Riformare la medicina territoriale per rendere la professione del medico di base più attrattiva e moderna. È questo l’obiettivo della proposta di legge presentata dalla consigliera regionale Anna Maria Bigon (Partito Democratico) e ora all’esame del Parlamento, che punta a trasformare la medicina generale in una vera e propria specializzazione universitaria.
Durante la conferenza stampa tenutasi alla Costa in Bra, in Piazza Bra a Verona, Bigon ha ricordato come la pandemia abbia mostrato la centralità del medico di famiglia, “primo presidio di salute per i cittadini”, ma anche la necessità di una formazione aggiornata e strutturata a livello accademico.
Accanto a lei Guglielmo Frapporti, medico di famiglia in pensione ed ex segretario provinciale della Fimmg Veronese, candidato alle regionali per il Pd.
📉 Un quadro preoccupante in Veneto
Dal 2019 al 2024 il numero dei medici di medicina generale in Veneto è sceso da 3.094 a 2.743, con un calo dell’11%. Gli incarichi vacanti sfiorano quota duemila e il rapporto medio è arrivato a 1.550 pazienti per medico, superando i limiti fissati dall’Accordo collettivo nazionale.
Il trend negativo riguarda anche i pediatri, scesi da 549 a 489, mentre l’età media dei medici di famiglia continua a crescere: oltre il 60% ha più di vent’anni di servizio.
Frapporti ha sottolineato come “il declino delle cure primarie e dei servizi socio-sanitari in Veneto stia procedendo più velocemente che altrove”, individuando nel piano sanitario regionale del 2012 – con la chiusura delle lungodegenze e di molti ospedali territoriali – il punto di svolta.

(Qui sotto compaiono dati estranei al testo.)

Lemma traj_flows l :
  LocAbsContState P (fun t => dom t l) (fun t => traj t l) /\
  (forall t, Interior (fun s => dom s l) t -> InC P (traj t l)) /\
  (exists Nz, NullSet Nz /\
     forall t, dom t l -> ~ Nz t -> Interior (fun s => dom s l) t /\ HasFlowDeriv P (fun s => traj s l) t).
Proof.
 destruct Hflw as [_ Hsg Hder Heta Hom Hxs].
 set (z := snd (epoch l)). set (a := fst (epoch l)).
 split; [|split].
 - unfold traj. fold z a. split; [|split; [|split]].
   + intros i j _. apply HalfLineLip_LocAbsCont, (HalfLineLip_shift (fun t => eta (flw z t) i j)), Heta.
   + intros j _. apply HalfLineLip_LocAbsCont, (HalfLineLip_shift (fun t => om (flw z t) j)), Hom.
   + intros j k _ _. apply HalfLineLip_LocAbsCont, (HalfLineLip_shift (fun t => xs (flw z t) j k)), Hxs.
   + intros j _. apply HalfLineLip_LocAbsCont.
     apply (HalfLineLip_ext _ (fun _ => IZR (sg z j))); [|apply HalfLineLip_const].
     intros t. rewrite Hsg. reflexivity.
 - intros t [e [He H]]. apply dom_InC, H. unfold Rminus; rewrite Rplus_opp_r, Rabs_R0. auto.
 - exists (fun t => t = a \/ t = fst (epoch (S l))). split; [apply NullSet_pair|].
   intros t Hd Hnz. split; [apply dom_interior; auto|].
   unfold traj. fold z a. apply HasFlowDeriv_shift, Hder.
   destruct Hd as [_ Hm]. fold z a in Hm.
   destruct (first_hit z); destruct (Req_dec t a); try (exfalso; apply Hnz; auto; fail); lra.
Qed.

Lemma traj_jumps t l : dom t l -> dom t (S l) -> InD P (traj t l) /\ traj t (S l) = gmap P (traj t l).
Proof.
 intros [Hr Hm] [Hr' Hm'].
 specialize (Hr' l (Nat.lt_succ_diag_r l)).
 destruct (first_hit (snd (epoch l))) as [tau|] eqn:Eh; [|contradiction].
 destruct (epoch_invariant l Hr) as [HL _].
 assert (Et : t = fst (epoch (S l))).
 { destruct (first_hit (snd (epoch (S l)))); rewrite (epoch_S_some l tau Eh) in *; simpl in *; lra. }
 rewrite Et, traj_at_epoch, (epoch_S_some l tau Eh). unfold traj. simpl.
 replace (fst (epoch l) + tau - fst (epoch l)) with tau by ring.
 split; [|reflexivity]. apply margin_eq0_InD, (first_hit_margin _ _ HL Eh).
Qed.

(* Zeno solutions are complete too: the number of jumps is unbounded. *)
Lemma dom_complete : Complete dom.
Proof.
 intros Mb. destruct epochs_cases as [Hall|[J [HJ HJr]]].
 - destruct (INR_unbounded Mb) as [n Hn].
   assert (Hr : reached n) by (intros k _; apply Hall).
   destruct (epoch_invariant n Hr) as [_ Ht].
   exists (fst (epoch n)), n. split; [|lra]. split; auto.
   specialize (Hall n). destruct (first_hit (snd (epoch n))) as [tau|] eqn:Eh; [|contradiction].
   destruct (first_hit_some _ _ Eh). lra.
 - exists (Rmax (fst (epoch J)) Mb), J. split.
   + split; auto. rewrite HJ. apply Rmax_l.
   + pose proof (Rmax_r (fst (epoch J)) Mb). pose proof (pos_INR J). lra.
Qed.

Lemma hybrid_solution_exists : exists (K : R -> nat -> Prop) (z : R -> nat -> HState),
    IsSolution P K z /\ Complete K /\ z 0 O = z0.
Proof.
 exists dom, traj.
 assert (Hstart : traj 0 O = z0) by exact (traj_at_epoch O).
 split; [|split; [apply dom_complete|exact Hstart]].
 split; [apply dom_hybrid_time_domain|]. split; [apply dom_0_0|]. split.
 - left. rewrite Hstart. auto.
 - split; [apply traj_flows|apply traj_jumps].
Qed.

End HybridSolution.

Theorem lemma4 (P : Net) (HP : NetAssumptions P) (z0 : HState) (Hz0 : InLambda P z0) :
  exists (K : R -> nat -> Prop) (z : R -> nat -> HState),
    IsSolution P K z /\ Complete K /\ z 0 O = z0.
Proof.
 destruct (network_flow_exists P HP) as [flw Hflw].
 exact (hybrid_solution_exists P flw HP Hflw z0 Hz0).
Qed.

Da allora, il carico sui medici di famiglia è cresciuto in modo esponenziale, soprattutto per i pazienti anziani e cronici, mentre metà dei professionisti lavora ancora in solitudine, senza personale di supporto.
🎓 Una specializzazione universitaria
La proposta di legge prevede la creazione di un percorso universitario quadriennale di Medicina Generale, di Comunità e Cure Primarie, con borse di studio equiparate alle altre specializzazioni e l’istituzione, in ogni Ateneo, di un dipartimento integrato Università–Servizio sanitario regionale.
“L’obiettivo – spiega Bigon – è formare professionisti altamente qualificati, con reali opportunità di carriera e riconoscimento accademico, restituendo prestigio e motivazione a una figura centrale per la sanità pubblica”.
🏥 Benefici e prospettive
Secondo la consigliera, la riforma porterebbe un allineamento agli standard europei, ridurrebbe la fuga di giovani medici verso altri Paesi e rafforzerebbe la medicina di prossimità, alleggerendo gli ospedali. In Veneto, infatti, oltre il 50% degli accessi ai pronto soccorso è in codice bianco, segnale evidente della necessità di un sistema territoriale più efficiente.
🗳️ L’appello al Parlamento
Bigon ha infine sollecitato il Parlamento ad approvare rapidamente la riforma, definendo la medicina di famiglia “un pilastro del Servizio sanitario nazionale” e sottolineando che difenderla significa garantire ai cittadini un sistema sanitario pubblico “più vicino, giusto e sostenibile”.